Thioredoxin reductase activity in rat liver is not affected by supranutritional levels of monomethylated selenium in vivo and is inhibited only by high levels of selenium in vitro

Thioredoxin reductase is a selenoenzyme responsible for maintaining thioredoxin in the reduced form. Because thioredoxin is involved in many cellular processes, thioredoxin reductase is likely to be an important regulatory protein for both normal and transformed cells. Monomethylated selenium compounds inhibit carcinogenesis. In the present study, we investigated whether methylated forms of selenium would alter thioredoxin reductase activity in rats. The liver enzyme was used as a model system.

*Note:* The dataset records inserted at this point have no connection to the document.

(* Let $G$ be a finite simple graph, $e$ an edge of $G$, $G' = G - e$, and $c$ an acyclic edge coloring of $G'$. Let $u,i,j,a,b$ be vertices with $ui, uj \in E(G')$ and $ab \in E(G)$, and let $\alpha \neq \beta$ be colors with $\{\alpha,\beta\} \cap \{c(u,i),c(u,j)\} \neq \emptyset$ and $\{i,j\} \cap \{a,b\} = \emptyset$. Suppose that, with respect to $c$, there exists an $(\alpha,\beta,ab)$-critical path in $G'$ passing through the vertex $u$. Let $c'$ be the coloring of $G'$ obtained from $c$ by exchanging the colors of $ui$ and $uj$ (i.e. $c'(u,i)=c(u,j)$, $c'(u,j)=c(u,i)$, and $c'(f)=c(f)$ for all other edges $f$), and suppose $c'$ is a proper edge coloring. Then with respect to $c'$ there is no $(\alpha,\beta,ab)$-critical path in $G'$.
   Context: An edge coloring is proper if adjacent edges get different colors, and acyclic if it is proper and there is no cycle whose edges use only two colors. An $(\alpha,\beta)$-maximal bichromatic path is a path whose edges are colored alternately $\alpha$ and $\beta$ and which cannot be extended at either end by an edge of color $\alpha$ or $\beta$. For vertices $a,b$, an $(\alpha,\beta,ab)$-critical path (with respect to a given coloring of $G'$) is an $(\alpha,\beta)$-maximal bichromatic path in $G'$ that starts at $a$ with an edge colored $\alpha$ and ends at $b$ with an edge colored $\alpha$. *)

From mathcomp Require Import all_boot.
Set Implicit Arguments. Unset Strict Implicit. Unset Printing Implicit Defensive.

Definition simple_graph (T : finType) (adj : rel T) : Prop :=
  symmetric adj /\ irreflexive adj.

Definition del_edge (T : finType) (adj : rel T) (x y : T) : rel T :=
  fun v w => adj v w && ([set v; w] != [set x; y]).

(* An edge coloring assigns a color (a nat) to each edge {v,w}, encoded
   as the 2-element set [set v; w]; only values on edges matter. *)
Definition ecoloring (T : finType) := {set T} -> nat.

Definition proper_ecoloring (T : finType) (adj : rel T) (c : ecoloring T) : Prop :=
  forall v w1 w2, adj v w1 -> adj v w2 -> w1 != w2 ->
    c [set v; w1] != c [set v; w2].

(* A cycle: distinct vertices s_0,...,s_{k-1}, k >= 3, consecutive ones
   (cyclically) adjacent.  Its edges are zip s (rot 1 s). *)
Definition graph_cycle (T : finType) (adj : rel T) (s : seq T) : Prop :=
  3 <= size s /\ uniq s /\ cycle adj s.

Definition acyclic_ecoloring (T : finType) (adj : rel T) (c : ecoloring T) : Prop :=
  proper_ecoloring adj c /\
  forall (s : seq T) (al be : nat), graph_cycle adj s ->
    ~ all (fun p : T * T => c [set p.1; p.2] \in [:: al; be]) (zip s (rot 1 s)).

(* (al,be,ab)-critical path: the path a :: q (distinct vertices, consecutive
   ones adjacent, at least one edge) from a to b whose k-th edge
   (0-indexed) has color al for even k and be for odd k, whose first and
   last edges have color al, and which is maximal: at each end, the only
   incident edge of color al or be is the path edge at that end. *)
Definition critical_path (T : finType) (adj : rel T) (c : ecoloring T)
    (al be : nat) (a b : T) (q : seq T) : Prop :=
  [/\ q != [::], uniq (a :: q), path adj a q & last a q = b] /\
  [/\ (forall k, k < size q ->
         c [set nth a (a :: q) k; nth a q k] = if odd k then be else al),
      c [set a; head a q] = al,
      c [set nth a (a :: q) (size q).-1; b] = al,
      (forall w, adj a w -> c [set a; w] \in [:: al; be] -> w = head a q) &
      (forall w, adj b w -> c [set b; w] \in [:: al; be] ->
         w = nth a (a :: q) (size q).-1)].

Definition swap_colors (T : finType) (c : ecoloring T) (u i j : T) : ecoloring T :=
  fun E => if E == [set u; i] then c [set u; j]
           else if E == [set u; j] then c [set u; i]
           else c E.

From mathcomp Require Import all_boot.
Set Implicit Arguments. Unset Strict Implicit. Unset Printing Implicit Defensive.

(* For a proper coloring the al/be-colored edges form a graph of maximum degree
   two, in which a critical path P is a whole component.  If c(ui) is al or be
   then i lies on P, and the properness of c' forbids c(uj) to be al or be and
   j to lie on P, since every interior vertex of P sees both colors.  So for c'
   the edge ui leaves that subgraph, cutting P into a part containing a and a
   part containing b, while the new edge uj only joins u to vertices off P:
   a and b end up in different al/be components, and no critical path for c'
   joins them. *)

Definition bichromatic (T : finType) (E : rel T) (c : ecoloring T) (al be : nat) : rel T :=
  [rel v w | E v w && (c [set v; w] \in [:: al; be])].

Lemma bichromatic_sym (T : finType) (E : rel T) c al be :
  symmetric E -> symmetric (bichromatic E c al be).
Proof. by move=> E_sym v w; rewrite /bichromatic /= E_sym setUC. Qed.

Lemma proper_ecoloring_inj (T : finType) (E : rel T) c v w1 w2 :
  proper_ecoloring E c -> E v w1 -> E v w2 -> c [set v; w1] = c [set v; w2] -> w1 = w2.
Proof.
move=> c_proper Ew1 Ew2 e; case: (eqVneq w1 w2) => // ne.
by move: (c_proper _ _ _ Ew1 Ew2 ne); rewrite e eqxx.
Qed.

Lemma mem_pair_alternating (al be x : nat) k : x \in [:: al; be] ->
  x = (if odd k then be else al) \/ x = (if odd k.+1 then be else al).
Proof. by rewrite !inE /=; case: (odd k) => /orP[] /eqP ->; auto. Qed.

Section CriticalPath.

Variables (T : finType) (E : rel T) (c : ecoloring T) (al be : nat) (a b : T) (q : seq T).
Hypotheses (E_sym : symmetric E) (c_proper : proper_ecoloring E c)
  (Pq : critical_path E c al be a b q).

Local Notation p := (nth a (a :: q)).
Local Notation n := (size q).

Lemma critical_path_connect : connect (bichromatic E c al be) a b.
Proof.
case: Pq => [[_ _ Eq <-] [Cq _ _ _ _]]; apply/connectP; exists q => //.
apply/(pathP a) => k lt_kn; rewrite /bichromatic /= (pathP a Eq k lt_kn) Cq //.
by case: (odd k); rewrite !inE eqxx ?orbT.
Qed.

Lemma critical_path_size_gt0 : 0 < n.
Proof. by case: Pq => [[]]; case: q. Qed.

Lemma critical_path_last : p n = b.
Proof. by case: Pq => [[_ _ _ <-] _]; rewrite (nth_last a (a :: q)). Qed.

Lemma critical_path_uniq : uniq (a :: q).
Proof. by case: Pq => [[]]. Qed.

Lemma critical_path_step k : k < n ->
  E (p k) (p k.+1) /\ c [set p k; p k.+1] = if odd k then be else al.
Proof. by case: Pq => [[_ _ Eq _] [Cq _ _ _ _]] lt_kn /=; rewrite (pathP a Eq k lt_kn) Cq. Qed.

Lemma critical_path_nbr k w : k <= n -> bichromatic E c al be (p k) w ->
  (0 < k /\ w = p k.-1) \/ (k < n /\ w = p k.+1).
Proof.
have n_gt0 := critical_path_size_gt0.
case: (Pq) => [_ [_ _ _ max_a max_b]] le_kn /andP[Ew Cw].
case: k le_kn Ew Cw => [|l] le_ln Ew Cw.
  by right; split; rewrite // (max_a w Ew Cw); case: (q) n_gt0.
case: (eqVneq l.+1 n) => [e_ln | ne_ln].
  rewrite e_ln critical_path_last in Ew Cw.
  by left; split; rewrite // (max_b w Ew Cw) -e_ln.
have lt_ln : l.+1 < n by rewrite ltn_neqAle ne_ln.
have [E1 C1] := critical_path_step (ltnW lt_ln).
have [E2 C2] := critical_path_step lt_ln.
case: (mem_pair_alternating l Cw) => C; [left | right]; split => //.
  apply: (proper_ecoloring_inj c_proper Ew); first by rewrite E_sym.
  by rewrite C setUC C1.
by apply: (proper_ecoloring_inj c_proper Ew E2); rewrite C C2.
Qed.

Lemma mem_prefix_nth m r : m <= n -> (p m \in take r (a :: q)) = (m < r).
Proof.
move=> le_mn; have uniq_aq := critical_path_uniq.
by rewrite in_take ?index_uniq ?mem_nth.
Qed.

Lemma critical_path_closed v w :
  v \in a :: q -> bichromatic E c al be v w -> w \in a :: q.
Proof.
move=> vP; have le_vn : index v (a :: q) <= n by rewrite -ltnS index_mem.
rewrite -(nth_index a vP) => /(critical_path_nbr le_vn) [[_ ->] | [lt_vn ->]].
  by rewrite mem_nth //= ltnS (leq_trans (leq_pred _)).
by rewrite mem_nth.
Qed.

Lemma critical_path_interior v x : v \in a :: q -> v != a -> v != b ->
  x \in [:: al; be] -> exists2 w, E v w & c [set v; w] = x.
Proof.
move=> vP ne_va ne_vb Cx.
have le_vn : index v (a :: q) <= n by rewrite -ltnS index_mem.
rewrite -(nth_index a vP) in ne_va ne_vb *.
case: (index v (a :: q)) le_vn ne_va ne_vb => [|l] le_ln; first by rewrite /= eqxx.
move=> _ ne_lb; have lt_ln : l.+1 < n.
  by rewrite ltn_neqAle le_ln andbT; apply: contraNneq ne_lb => ->; rewrite critical_path_last.
have [E1 C1] := critical_path_step (ltnW lt_ln).
have [E2 C2] := critical_path_step lt_ln.
case: (mem_pair_alternating l Cx) => ->; last by exists (p l.+2).
by exists (p l); rewrite 1?E_sym // setUC.
Qed.

Lemma critical_path_edge_index v w : v \in a :: q -> bichromatic E c al be v w ->
  exists2 r, r < n & [set p r; p r.+1] = [set v; w].
Proof.
move=> vP; have le_vn : index v (a :: q) <= n by rewrite -ltnS index_mem.
rewrite -(nth_index a vP) => /(critical_path_nbr le_vn) [[k_gt0 ->] | [lt_kn ->]].
  exists (index v (a :: q)).-1; first by rewrite prednK.
  by rewrite prednK // setUC.
by exists (index v (a :: q)).
Qed.

Lemma critical_path_prefix_closed r v w : r < n -> v \in take r.+1 (a :: q) ->
  bichromatic E c al be v w -> [set v; w] != [set p r; p r.+1] ->
  w \in take r.+1 (a :: q).
Proof.
move=> lt_rn vA; have vP := mem_take vA; have le_vr := index_ltn vA.
have le_vn : index v (a :: q) <= n by rewrite -ltnS index_mem.
rewrite -(nth_index a vP) => /(critical_path_nbr le_vn) [[_ ->] | [lt_vn ->]] ne_r.
  by rewrite mem_prefix_nth ?(leq_trans (leq_pred _)) // (leq_ltn_trans (leq_pred _)).
rewrite mem_prefix_nth // ltnS ltn_neqAle -ltnS le_vr andbT.
by apply: contraNneq ne_r => ->.
Qed.

Lemma critical_path_cut (c' : ecoloring T) u i j :
  u \in a :: q -> bichromatic E c al be u i -> j \notin a :: q ->
  c' [set u; i] \notin [:: al; be] ->
  (forall F, F != [set u; i] -> F != [set u; j] -> c' F = c F) ->
  ~~ connect (bichromatic E c' al be) a b.
Proof.
move=> uP bic_ui jP Cui' c'_eq.
have [r lt_rn e_r] := critical_path_edge_index uP bic_ui.
set A := take r.+1 (a :: q).
(* A is the part of P up to the edge ui; the vertices off P are reachable only
   through uj, hence from the side of u. *)
pose S := [pred v | (v \in A) || (u \in A) && (v \notin a :: q)].
have uA_of v : v \in [set u; j] -> v \in S -> u \in A.
  rewrite in_set2 => /orP[] /eqP -> /orP[// | /andP[//]] jA.
  by rewrite (mem_take jA) in jP.
have S_closed : closed (bichromatic E c' al be) S.
  apply: intro_closed; first exact/sym_connect_sym/bichromatic_sym.
  move=> v w /andP[Evw Cvw] Sv.
  have ne_ui : [set v; w] != [set u; i] by apply: contraNneq Cui' => <-.
  have [e_uj | ne_uj] := eqVneq [set v; w] [set u; j].
    have uA : u \in A by apply: uA_of Sv; rewrite -e_uj set21.
    have : w \in [set u; j] by rewrite -e_uj set22.
    by rewrite in_set2 => /orP[] /eqP ->; rewrite inE uA ?jP ?orbT.
  have bic_vw : bichromatic E c al be v w by rewrite /bichromatic /= Evw -c'_eq.
  case/orP: Sv => [vA | /andP[uA vP]]; apply/orP.
    by left; apply: critical_path_prefix_closed vA bic_vw _; rewrite // e_r.
  right; rewrite uA; apply: contra vP => wP.
  by apply: (critical_path_closed wP); rewrite bichromatic_sym.
have Sa : a \in S by apply/orP; left; rewrite /A /= mem_head.
have Sb : b \notin S.
  rewrite -critical_path_last; apply/norP; split.
    by rewrite /A mem_prefix_nth // ltnNge lt_rn.
  by rewrite negb_and negbK mem_nth ?orbT.
by apply: contra Sb => /(closed_connect S_closed) <-.
Qed.

End CriticalPath.

Lemma recolor_disconnects_critical_ends (T : finType) (E : rel T) (c c' : ecoloring T)
    (u i j a b : T) (al be : nat) (q : seq T) :
  symmetric E -> irreflexive E -> proper_ecoloring E c -> proper_ecoloring E c' ->
  c' [set u; i] = c [set u; j] -> c' [set u; j] = c [set u; i] ->
  (forall F, F != [set u; i] -> F != [set u; j] -> c' F = c F) ->
  E u i -> E u j -> i != j -> c [set u; i] \in [:: al; be] ->
  i != a -> i != b -> j != a -> j != b ->
  critical_path E c al be a b q -> u \in a :: q ->
  ~~ connect (bichromatic E c' al be) a b.
Proof.
move=> E_sym E_irr c_proper c'_proper c'_ui c'_uj c'_eq Eui Euj ne_ij Cui.
move=> ne_ia ne_ib ne_ja ne_jb Pq uP.
have ne_of v w : E v w -> v != w by apply: contraTneq => ->; rewrite E_irr.
have [Eiu Eju] : E i u /\ E j u by rewrite !(E_sym _ u).
have [ne_iu ne_ju] := (ne_of _ _ Eiu, ne_of _ _ Eju).
have clash v w : v != u -> E v u -> E v w -> w != u -> c' [set v; u] != c [set v; w].
  move=> ne_vu Evu Evw ne_wu.
  have ne_uset x : [set v; w] != [set u; x].
    apply: contraNneq ne_wu => e; have : u \in [set v; w] by rewrite e set21.
    by rewrite in_set2 eq_sym (negbTE ne_vu) /= eq_sym.
  by rewrite -c'_eq ?ne_uset //; apply: c'_proper; rewrite // eq_sym.
have bic_ui : bichromatic E c al be u i by apply/andP.
have iP : i \in a :: q := critical_path_closed E_sym c_proper Pq uP bic_ui.
have Cuj : c [set u; j] \notin [:: al; be].
  apply/negP => Cuj.
  have [w Eiw Ciw] := critical_path_interior E_sym Pq iP ne_ia ne_ib Cuj.
  have ne_wu : w != u.
    by apply: contraTneq (c_proper _ _ _ Eui Euj ne_ij) => e; rewrite -Ciw e setUC eqxx.
  by move: (clash i w ne_iu Eiu Eiw ne_wu); rewrite setUC c'_ui Ciw eqxx.
have jP : j \notin a :: q.
  apply/negP => jP.
  have [w Ejw Cjw] := critical_path_interior E_sym Pq jP ne_ja ne_jb Cui.
  have ne_wu : w != u by apply: contraNneq Cuj => e; rewrite setUC -e Cjw.
  by move: (clash j w ne_ju Eju Ejw ne_wu); rewrite setUC c'_uj Cjw eqxx.
have Cui' : c' [set u; i] \notin [:: al; be] by rewrite c'_ui.
exact: (critical_path_cut E_sym c_proper Pq uP bic_ui jP Cui' c'_eq).
Qed.

Theorem lemma2 (T : finType) (adj : rel T) (x y : T) (c : ecoloring T)
    (u i j a b : T) (al be : nat) :
  simple_graph adj ->
  adj x y ->
  acyclic_ecoloring (del_edge adj x y) c ->
  del_edge adj x y u i -> del_edge adj x y u j -> i != j ->
  adj a b ->
  al != be ->
  (c [set u; i] \in [:: al; be]) || (c [set u; j] \in [:: al; be]) ->
  [&& i != a, i != b, j != a & j != b] ->
  (exists q, critical_path (del_edge adj x y) c al be a b q /\ u \in a :: q) ->
  proper_ecoloring (del_edge adj x y) (swap_colors c u i j) ->
  ~ exists q, critical_path (del_edge adj x y) (swap_colors c u i j) al be a b q.
Proof.
move=> [adj_sym adj_irr] _ [c_proper _] Eui Euj ne_ij _ _ Cuij ne_ends [q [Pq uP]] c'_proper.
move=> [q' /critical_path_connect]; apply/negP.
set E := del_edge adj x y in Eui Euj c_proper c'_proper Pq *.
set c' := swap_colors c u i j in c'_proper *.
have E_sym : symmetric E by move=> v w; rewrite /E /del_edge adj_sym setUC.
have E_irr : irreflexive E by move=> v; rewrite /E /del_edge adj_irr.
have ne_uj : u != j by apply: contraTneq Euj => ->; rewrite E_irr.
have ne_uji : [set u; j] != [set u; i].
  have : j \notin [set u; i] by rewrite in_set2 negb_or eq_sym ne_uj eq_sym ne_ij.
  by apply: contraNneq => <-; rewrite set22.
have c'_ui : c' [set u; i] = c [set u; j] by rewrite /c' /swap_colors eqxx.
have c'_uj : c' [set u; j] = c [set u; i].
  by rewrite /c' /swap_colors (negbTE ne_uji) eqxx.
have c'_eq F : F != [set u; i] -> F != [set u; j] -> c' F = c F.
  by move=> ne_i ne_j; rewrite /c' /swap_colors (negbTE ne_i) (negbTE ne_j).
have [ne_ia ne_ib ne_ja ne_jb] := and4P ne_ends.
case/orP: Cuij => [Cui | Cuj].
  exact: (recolor_disconnects_critical_ends E_sym E_irr c_proper c'_proper
           c'_ui c'_uj c'_eq Eui Euj ne_ij Cui ne_ia ne_ib ne_ja ne_jb Pq uP).
have ne_ji : j != i by rewrite eq_sym.
exact: (recolor_disconnects_critical_ends E_sym E_irr c_proper c'_proper
         c'_uj c'_ui (fun F ne_j ne_i => c'_eq F ne_i ne_j) Euj Eui ne_ji Cuj
         ne_ja ne_jb ne_ia ne_ib Pq uP).
Qed.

Se-methylselenocysteine and methylseleninic acid consumed by rats at 2 mug Se/g diet for 3, 6, 10 or 22 wk did not affect activity compared with a basal diet containing 0.1 mug Se/g. The direct addition of 50 mu mol dimethyl diselenide or dimethyl selenenylsulfide per L to liver extracts significantly inhibited thioredoxin reductase activity by similar to 60%. The magnitude of inhibition was dependent on the amount of thioredoxin in the assay and was reversible by dialysis, suggesting that a competitive type of inhibition occurs in vitro. Although thioredoxin reductase can be inhibited by high levels of selenium in a cell-free system, it should be noted that such a condition is unlikely to be attainable in vivo. Caution needs to be exercised in interpreting the in vitro results.